### [Prompt]
Sort through the entries below and pull out lines containing the word "weight".
--- Record set Enclosed Below ---
Lemma ballot_cons h a b (u v : seq bool) :
  (forall i, i <= size (a :: u) ->
     count_mem false (take i (a :: u)) <= h + count_mem false (take i (b :: v))) <->
  (a == false) <= h + (b == false) /\
  (forall i, i <= size u -> count_mem false (take i u) <=
     (h + (b == false) - (a == false)) + count_mem false (take i v)).
Proof.
split=> [ballot | [Hab ballot] [|i] Hi //=].
  split=> [|i Hi]; first by move: (ballot 1 isT); rewrite /= !take0; slia.
  by move: (ballot i.+1 Hi) (ballot 1 isT); rewrite /= !take0; slia.
by move: (ballot i Hi); slia.
Qed.

Lemma motzkin_pairsP h (u v : seq bool) : size u = size v ->
  motzkin_from h (pairs_path (zip u v)) <->
  (forall i, i <= size u ->
     count_mem false (take i u) <= h + count_mem false (take i v)) /\
  count_mem false u = h + count_mem false v.
Proof.
elim: u h v => [|a u IH] h [|b v] //= => [_|[Hs]].
  by split=> [/eqP ->|[_ /eqP]] //; rewrite eq_sym addn0.
rewrite motzkin_from_pair; case: leqP => Hab /=; last first.
  by split=> // -[/ballot_cons[]]; rewrite leqNgt Hab.
rewrite IH //; split=> [[ballot Htot]|[/ballot_cons[_ ballot] Htot]].
  by split; [apply/ballot_cons | slia].
by split=> //; slia.
Qed.

Lemma flat0_pairs h (u v : seq bool) : size u = size v ->
  (forall i, i <= size u ->
     count_mem false (take i u) <= h + count_mem false (take i v)) ->
  flat0_from h (pairs_path (zip u v)) =
  count (fun j => [&& ~~ nth true u j, ~~ nth true v j &
                      h + count_mem false (take j v) == count_mem false (take j u)])
        (iota 0 (size u)).
Proof.
elim: u h v => [|a u IH] h [|b v] //= [Hs] /ballot_cons[Hab ballot].
rewrite flat0_from_pair // IH // (iotaDl 1 0) count_map addn0.
congr (_ + _); apply: eq_count => j /=.
by rewrite add0n; congr [&& _, _ & _]; apply/eqP/eqP; slia.
Qed.
(* Every connected finite-dimensional $\Delta$-complex $\mathcal C$ admits an immersion into a $\Delta$-complex that has exactly one $0$-cell.
   Context: A $\Delta$-complex is a CW-complex $\mathcal C$ in which each $k$-cell $c$ has a distinguished characteristic map $\sigma_c\colon\Delta^k\to\mathcal C$, where $\Delta^k=[v_0,\dots,v_k]$ is the standard $k$-simplex with ordered vertices $v_0<\dots<v_k$, such that the restriction of $\sigma_c$ to each $(k-1)$-dimensional face (identified with $\Delta^{k-1}$ via the order-preserving linear homeomorphism) is the distinguished characteristic map of some $(k-1)$-cell. A map $f\colon\mathcal D\to\mathcal C$ between $\Delta$-complexes commutes with the characteristic maps if for every $k$-cell $d$ of $\mathcal D$, $f(d)$ is a $k$-cell of $\mathcal C$ and $f\circ\sigma_d=\sigma_{f(d)}$. An immersion is a continuous map that commutes with the characteristic maps and is a local homeomorphism onto its image (every point has an open neighbourhood $U$ with $f|_U$ a homeomorphism onto $f(U)\subseteq f(\mathcal D)$). *)

From Stdlib Require Import Reals List Arith.
Import ListNotations.
Open Scope R_scope.

(* A Delta-complex, given by its combinatorial data (a semi-simplicial set):
   [cell k] are the k-cells, [face k i c] is the i-th face (0 <= i <= k+1)
   of the (k+1)-cell c, i.e. the cell whose distinguished characteristic map
   is the restriction of sigma_c to the face [v_0,..,^v_i,..,v_(k+1)]. The space itself is the geometric
   realization [Pt] below, with the weak (CW) topology [is_open]. *)
Record DeltaComplex := {
  cell : nat -> Type;
  face : forall k : nat, nat -> cell (S k) -> cell k;
  face_rel : forall (k i j : nat) (c : cell (S (S k))),
      (i < j)%nat -> (j <= S (S k))%nat ->
      face k i (face (S k) j c) = face k (j - 1) (face (S k) i c)
}.

Definition lsum (l : list R) : R := fold_right Rplus 0 l.

Definition in_simplex (k : nat) (l : list R) : Prop :=
  length l = S k /\ Forall (fun x => 0 <= x) l /\ lsum l = 1.

Definition in_open_simplex (k : nat) (l : list R) : Prop :=
  length l = S k /\ Forall (fun x => 0 < x) l /\ lsum l = 1.

Definition close (eps : R) (l l' : list R) : Prop :=
  length l' = length l /\
  forall i, (i < length l)%nat -> Rabs (nth i l 0 - nth i l' 0) < eps.

Fixpoint find_zero (l : list R) : option nat :=
  match l with
  | [] => None
  | x :: l' => if Req_EM_T x 0 then Some 0%nat
               else match find_zero l' with Some i => Some (S i) | None => None end
  end.

Fixpoint remove_nth (i : nat) (l : list R) : list R :=
  match i, l with
  | _, [] => []
  | O, _ :: l' => l'
  | S i', x :: l' => x :: remove_nth i' l'
  end.

Definition RawPt (X : DeltaComplex) : Type := { k : nat & (cell X k * list R)%type }.

(* genuine points: a cell and a point of the interior of its simplex;
   every point of |X| is uniquely of this form *)
Definition IsPt (X : DeltaComplex) (p : RawPt X) : Prop :=
  in_open_simplex (projT1 p) (snd (projT2 p)).

(* the distinguished characteristic map sigma_c : Delta^k -> |X|,
   applied to a point l of the closed simplex: pass to the face
   spanned by the support of l *)
Fixpoint charmap (X : DeltaComplex) (k : nat) : cell X k -> list R -> RawPt X :=
  match k with
  | O => fun c l => existT _ O (c, l)
  | S k' => fun c l =>
      match find_zero l with
      | Some i => charmap X k' (face X k' i c) (remove_nth i l)
      | None => existT _ (S k') (c, l)
      end
  end.

(* weak topology: U is open iff sigma_c^{-1}(U) is open in Delta^k for all c *)
Definition is_open (X : DeltaComplex) (U : RawPt X -> Prop) : Prop :=
  forall (k : nat) (c : cell X k) (l : list R),
    in_simplex k l -> U (charmap X k c l) ->
    exists eps, 0 < eps /\
      forall l', in_simplex k l' -> close eps l l' -> U (charmap X k c l').

Definition connected (X : DeltaComplex) : Prop :=
  forall U : RawPt X -> Prop,
    is_open X U -> is_open X (fun p => ~ U p) ->
    (forall p, IsPt X p -> U p) \/ (forall p, IsPt X p -> ~ U p).

Definition finite_dimensional (X : DeltaComplex) : Prop :=
  exists n : nat, forall k : nat, (n < k)%nat -> cell X k -> False.

Definition one_zero_cell (X : DeltaComplex) : Prop :=
  exists v : cell X 0, forall w : cell X 0, w = v.

Record DMap (D C : DeltaComplex) := {
  cmap : forall k : nat, cell D k -> cell C k;
  cmap_face : forall (k i : nat) (c : cell D (S k)), (i <= S k)%nat ->
      cmap k (face D k i c) = face C k i (cmap (S k) c)
}.

Definition realize {D C : DeltaComplex} (f : DMap D C) (p : RawPt D) : RawPt C :=
  existT _ (projT1 p) (cmap D C f (projT1 p) (fst (projT2 p)), snd (projT2 p)).

Definition continuous {D C : DeltaComplex} (f : DMap D C) : Prop :=
  forall V, is_open C V -> is_open D (fun p => V (realize f p)).

Definition local_homeo_onto_image {D C : DeltaComplex} (f : DMap D C) : Prop :=
  forall p, IsPt D p ->
    exists U : RawPt D -> Prop,
      is_open D U /\ U p /\
      (forall q q', IsPt D q -> IsPt D q' -> U q -> U q' ->
         realize f q = realize f q' -> q = q') /\
      (forall V, is_open D V ->
         exists W, is_open C W /\
           forall y, IsPt C y ->
             ((exists q, IsPt D q /\ V q /\ U q /\ realize f q = y) <->
              (W y /\ exists q, IsPt D q /\ U q /\ realize f q = y))).

Definition immersion {D C : DeltaComplex} (f : DMap D C) : Prop :=
  continuous f /\ local_homeo_onto_image f.

From Stdlib Require Import Reals List Arith Lia Lra ClassicalEpsilon Eqdep_dec.
Import ListNotations.
Open Scope R_scope.

(* Identify all 0-cells of C to a single vertex, keeping the cells of positive dimension
   and their faces; the quotient map is an immersion.  Near a point of a cell of positive
   dimension it is injective, and its image is open.  Near a vertex v, take the set where
   the barycentric weight of v exceeds 1/2: it contains no other vertex, so the map is
   injective there, and adding the open set where that weight is below 1/2 turns the trace
   of any open set into a saturated open set. *)

Lemma find_zero_some l i : find_zero l = Some i -> (i < length l)%nat /\ nth i l 0 = 0.
Proof.
  revert i; induction l as [|x l IH]; simpl; intros i H; [discriminate|].
  destruct (Req_EM_T x 0) as [Hx|Hx].
  - injection H as <-. split; [lia|exact Hx].
  - destruct (find_zero l) as [j|]; [|discriminate]. injection H as <-.
    destruct (IH j eq_refl). split; [lia|assumption].
Qed.

Lemma find_zero_none l : find_zero l = None -> Forall (fun x => x <> 0) l.
Proof.
  induction l as [|x l IH]; simpl; intros H; constructor;
    destruct (Req_EM_T x 0); try discriminate; [assumption|].
  destruct (find_zero l); [discriminate|auto].
Qed.

Lemma remove_nth_length l i : (i < length l)%nat -> length (remove_nth i l) = pred (length l).
Proof.
  revert i; induction l as [|x l IH]; intros [|i] H; simpl in *; try lia; try reflexivity.
  rewrite IH by lia. destruct l; simpl in *; lia.
Qed.

Lemma remove_nth_lsum l i : nth i l 0 = 0 -> lsum (remove_nth i l) = lsum l.
Proof.
  unfold lsum; revert i; induction l as [|x l IH]; intros [|i] H; simpl in *; try reflexivity.
  - subst. lra.
  - rewrite IH; auto.
Qed.

Lemma remove_nth_Forall (P : R -> Prop) l i : Forall P l -> Forall P (remove_nth i l).
Proof.
  revert i; induction l as [|x l IH]; intros [|i] H; simpl; inversion H; auto.
Qed.

Lemma singleton_of_lsum1 l : length l = 1%nat -> lsum l = 1 -> l = [1].
Proof.
  destruct l as [|x [|y l]]; simpl; intros Hl Hs; try discriminate.
  unfold lsum in Hs; simpl in Hs. f_equal. lra.
Qed.

Lemma close_mono e e' l l' : close e l l' -> e <= e' -> close e' l l'.
Proof. intros [Hlen Hc] He. split; auto. intros i Hi. specialize (Hc i Hi). lra. Qed.
Lemma Rnormal_pdfE (m s y : R) : 0 < s ->
  Defs.normal_pdf m s y = normal_pdf m s y.
Proof.
move=> s0; rewrite /normal_pdf gt_eqF // /Defs.normal_pdf.
rewrite /normal_peak /normal_fun RPIE -RexpE !RealsE /=.
congr (_^-1 * expR _); last by rewrite mulr_natl.
by rewrite mulr_natl -mulrnAr [RHS]sqrtrM ?sqr_ge0 // sqrtr_sqr ger0_norm ?ltW.
Qed.

Lemma antiderivative_normal_pdf_incr_le1 (m s c d : R) (F : R -> R) :
  (0 < s)%coqR -> (c < d)%coqR ->
  (forall y, (c <= y <= d)%coqR -> derivable_pt_lim F y (Defs.normal_pdf m s y)) ->
  (F d - F c <= 1)%coqR.
Proof.
move=> /RltP s0 /RltP cd Fd; apply/RleP.
have Fd' y : c <= y <= d -> derivable_pt_lim F y (normal_pdf m s y).
  by move=> /andP[/RleP yc /RleP yd]; rewrite -Rnormal_pdfE //; exact: Fd.
have cont : {within `[c, d], continuous (normal_pdf m s)}.
  by apply: continuous_subspaceT; apply: continuous_normal_pdf; rewrite gt_eqF.
have derF : derivable_oo_LRcontinuous (F : R -> R^o) c d.
  split.
  - move=> x; rewrite in_itv /= => /andP[xc xd].
    have xcd : c <= x <= d by rewrite (ltW xc) (ltW xd).
    by have [] := is_derive_derivable_pt_lim (Fd' x xcd).
  - apply/cvg_at_right_filter/(continuous_derivable_pt_lim (Fd' c _)).
    by rewrite lexx ltW.
  - apply/cvg_at_left_filter/(continuous_derivable_pt_lim (Fd' d _)).
    by rewrite lexx ltW.
have dF : {in `]c, d[, (F : R -> R^o)^`()%classic =1 normal_pdf m s}.
  move=> x; rewrite in_itv /= => /andP[xc xd].
  have xcd : c <= x <= d by rewrite (ltW xc) (ltW xd).
  have D := is_derive_derivable_pt_lim (Fd' x xcd).
  by rewrite derive1E derive_val.
have := @continuous_FTC2 R (normal_pdf m s) F c d cd cont derF dF.
rewrite -lee_fin EFinB => <-; rewrite -(integral_normal_pdf m s).
apply: ge0_subset_integral => //.
- by apply/measurable_EFinP; exact: measurable_normal_pdf.
- by move=> x _; rewrite lee_fin normal_pdf_ge0.
Qed.

End NormalMass.

From Coquelicot Require Import Coquelicot.
Open Scope R_scope.

Lemma min_at_0_of_deriv_sign (f f' : R -> R) x :
  (forall t, is_derive f t (f' t)) -> (forall t, 0 <= t * f' t) -> f 0 <= f x.
Proof.
intros Hd Hsign.
assert (Hd' : forall t, derivable_pt_lim f t (f' t))
  by (intros t; apply is_derive_Reals, Hd).
destruct (Rtotal_order 0 x) as [Hx | [<- | Hx]].
- destruct (MVT_cor2 f f' 0 x Hx (fun t _ => Hd' t)) as [c [E Hc]].
  specialize (Hsign c). nra.
- lra.
- destruct (MVT_cor2 f f' x 0 Hx (fun t _ => Hd' t)) as [c [E Hc]].
  specialize (Hsign c). nra.
Qed.

Lemma exp_ge_cubic z : 0 <= z -> 1 + z + z ^ 2 / 2 + z ^ 3 / 6 <= exp z.
Proof. intros Hz. generalize (exp_ge_taylor z 3 Hz). simpl. lra. Qed.

Definition kern (y : R) : R := exp (- y ^ 2 / 2).

Lemma kern_pos y : 0 < kern y.
Proof. apply exp_pos. Qed.

Lemma kern_le x y : x ^ 2 <= y ^ 2 -> kern y <= kern x.
Proof.
intros H. unfold kern. destruct (Rle_lt_or_eq_dec _ _ H) as [Hlt | ->].
- left. apply exp_increasing. lra.
- lra.
Qed.

Lemma is_derive_kern y : is_derive kern y (- y * kern y).
Proof.
unfold kern. auto_derive; auto.
replace (- (y * (y * 1)) * / 2) with (- y ^ 2 / 2) by field. field.
Qed.

Lemma kern_diff_mvt d e : 0 <= d <= e ->
  exists c, d <= c /\ kern d - kern e = c * kern c * (e - d).
Proof.
intros Hde. destruct (Req_dec d e) as [<- | Hne].
- exists d. split; [lra | ring].
- destruct (MVT_cor2 kern (fun c => - c * kern c) d e ltac:(lra)
    (fun c _ => proj1 (is_derive_Reals _ _ _) (is_derive_kern c))) as [c [E Hc]].
  exists c. split; lra.
Qed.

Lemma kern_mul_exp y : kern y * exp (y ^ 2 / 2) = 1.
Proof.
unfold kern. rewrite <- exp_plus.
replace (- y ^ 2 / 2 + y ^ 2 / 2) with 0 by field. apply exp_0.
Qed.

Lemma le_kern_of_le_exp k p y : p <= k * exp (y ^ 2 / 2) -> p * kern y <= k.
Proof.
intros H. pose proof (kern_pos y) as Hk. pose proof (kern_mul_exp y) as E.
replace k with (k * exp (y ^ 2 / 2) * kern y)
  by (rewrite Rmult_assoc, (Rmult_comm _ (kern y)), E; ring).
apply Rmult_le_compat_r; lra.
Qed.

Lemma mul_kern_le y : 0 <= y -> y * kern y <= 7 / 10.
Proof.
intros Hy. apply le_kern_of_le_exp.
pose proof (exp_ge_cubic (y ^ 2 / 2) ltac:(nra)).
pose proof (pow2_ge_0 (y ^ 2 - 1)). pose proof (pow2_ge_0 (y - 20 / 21)).
pose proof (pow2_ge_0 (y ^ 3)). nra.
Qed.

(* The squares below form a sum-of-squares certificate for the polynomial
   inequality obtained from [exp_ge_cubic]. *)
Lemma cubic_kern_le y : (1 + y ^ 2) * y * kern y <= 17 / 10.
Proof.
apply le_kern_of_le_exp.
pose proof (exp_ge_cubic (y ^ 2 / 2) ltac:(nra)).
pose proof (pow2_ge_0 (1 - 5/17*y - 3/85*y^2 - 5/68*y^3)).
pose proof (pow2_ge_0 (y - 1335/2798*y^2 - 829/13990*y^3)).
pose proof (pow2_ge_0 (y^2 - 77445/131618*y^3)).
pose proof (pow2_ge_0 (y^3)). nra.
Qed.

Lemma kern_even y : kern (- y) = kern y.
Proof. unfold kern. replace ((- y) ^ 2) with (y ^ 2) by ring. reflexivity. Qed.

Lemma kern_shift_diff_small x t : 0 <= x <= t ->
  (1 + x ^ 2 - t ^ 2) * (kern (x - t) - kern (x + t)) <= 7 / 5 * t.
Proof.
intros Hxt.
replace (x - t) with (- (t - x)) by ring. rewrite kern_even.
destruct (kern_diff_mvt (t - x) (x + t) ltac:(lra)) as [c [Hc ->]].
pose proof (mul_kern_le c ltac:(lra)).
pose proof (Rmult_le_pos _ _ (ltac:(lra) : 0 <= c) (Rlt_le _ _ (kern_pos c))).
set (A := c * kern c) in *.
replace (x + t - (t - x)) with (2 * x) by ring.
assert (0 <= A * (2 * x) <= 7 / 5 * t) by nra.
assert (1 + x ^ 2 - t ^ 2 <= 1) by nra.
destruct (Rle_dec (1 + x ^ 2 - t ^ 2) 0).
- assert ((1 + x ^ 2 - t ^ 2) * (A * (2 * x)) <= 0) by nra. lra.
- assert ((1 + x ^ 2 - t ^ 2) * (A * (2 * x)) <= 1 * (A * (2 * x)))
    by (apply Rmult_le_compat_r; lra).
  lra.
Qed.

Lemma kern_shift_diff_large x t : 0 <= t <= x ->
  (1 + x ^ 2 - t ^ 2) * (kern (x - t) - kern (x + t)) <= 24 / 5 * t.
Proof.
intros Htx.
assert (Hsplit : 1 + x ^ 2 - t ^ 2 = (1 + (x - t) ^ 2) + 2 * t * (x - t)) by ring.
assert (Hdiff : kern (x - t) - kern (x + t) <= kern (x - t)) by (pose proof (kern_pos (x + t)); lra).
pose proof (mul_kern_le (x - t) ltac:(lra)).
destruct (kern_diff_mvt (x - t) (x + t) ltac:(lra)) as [c [Hc E]].
pose proof (cubic_kern_le c).
pose proof (Rmult_le_pos _ _ (ltac:(lra) : 0 <= c) (Rlt_le _ _ (kern_pos c))).
set (A := c * kern c) in *.
assert (HA : (1 + (x - t) ^ 2) * A <= 17 / 10).
{ apply Rle_trans with ((1 + c ^ 2) * A); [|unfold A; rewrite <- Rmult_assoc; lra].
  apply Rmult_le_compat_r; nra. }
rewrite Hsplit, Rmult_plus_distr_r.
assert ((1 + (x - t) ^ 2) * (kern (x - t) - kern (x + t)) <= 17 / 5 * t).
{ rewrite E. replace (x + t - (x - t)) with (2 * t) by ring. nra. }
assert (2 * t * (x - t) * (kern (x - t) - kern (x + t)) <= 7 / 5 * t).
{ apply Rle_trans with (2 * t * ((x - t) * kern (x - t))); [|nra].
  rewrite <- Rmult_assoc. apply Rmult_le_compat_l; nra. }
lra.
Qed.

Lemma kern_shift_diff_le x t : 0 <= x -> 0 <= t ->
  (1 + x ^ 2 - t ^ 2) * (kern (x - t) - kern (x + t)) <= 24 / 5 * t.
Proof.
intros Hx Ht. destruct (Rle_dec x t).
- pose proof (kern_shift_diff_small x t ltac:(lra)). lra.
- apply kern_shift_diff_large. lra.
Qed.

Definition gauss (s x : R) : R := / (s * sqrt (2 * PI)) * exp (- x ^ 2 / (2 * s ^ 2)).

Lemma normal_pdf_gauss t s y : normal_pdf t s y = gauss s (y - t).
Proof. reflexivity. Qed.

Lemma sqrt_2PI_ge : 12 / 5 <= sqrt (2 * PI).
Proof.
pose proof PI2_3_2.
rewrite <- (sqrt_pow2 (12 / 5)) by lra.
apply sqrt_le_1_alt. lra.
Qed.

Lemma gauss_kern s x : 0 < s -> gauss s x = / (s * sqrt (2 * PI)) * kern (x / s).
Proof.
intros Hs. unfold gauss, kern.
replace (- (x / s) ^ 2 / 2) with (- x ^ 2 / (2 * s ^ 2)) by (field; lra).
reflexivity.
Qed.

Lemma gauss_pos s x : 0 < s -> 0 < gauss s x.
Proof.
intros Hs. pose proof sqrt_2PI_ge. unfold gauss.
apply Rmult_lt_0_compat; [apply Rinv_0_lt_compat; nra | apply exp_pos].
Qed.

Lemma gauss_even s x : gauss s (- x) = gauss s x.
Proof. unfold gauss. replace ((- x) ^ 2) with (x ^ 2) by ring. reflexivity. Qed.

Lemma gauss_le s x y : 0 < s -> x ^ 2 <= y ^ 2 -> gauss s y <= gauss s x.
Proof.
intros Hs H. pose proof sqrt_2PI_ge. rewrite !(gauss_kern s) by lra.
apply Rmult_le_compat_l; [left; apply Rinv_0_lt_compat; nra|].
apply kern_le. unfold Rdiv. rewrite !Rpow_mult_distr.
apply Rmult_le_compat_r; [apply pow2_ge_0 | lra].
Qed.

Lemma continuous_gauss s x : continuous (gauss s) x.
Proof. apply (ex_derive_continuous (gauss s)). unfold gauss. auto_derive. easy. Qed.

Lemma continuous_normal_pdf t s y : continuous (normal_pdf t s) y.
Proof. apply (ex_derive_continuous (normal_pdf t s)). unfold normal_pdf. auto_derive. easy. Qed.

Lemma is_derive_gauss s x : 0 < s -> is_derive (gauss s) x (- x / s ^ 2 * gauss s x).
Proof.
intros Hs. pose proof sqrt_2PI_ge. unfold gauss. auto_derive; auto.
replace (- (x * (x * 1)) * / (2 * (s * (s * 1)))) with (- x ^ 2 / (2 * s ^ 2)) by (field; lra).
field. lra.
Qed.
--- End of Enclosed Record set ---
### [Response area]
   the barycentric weight of v exceeds 1/2: it contains no other vertex, so the map is
   injective there, and adding the open set where that weight is below 1/2 turns the trace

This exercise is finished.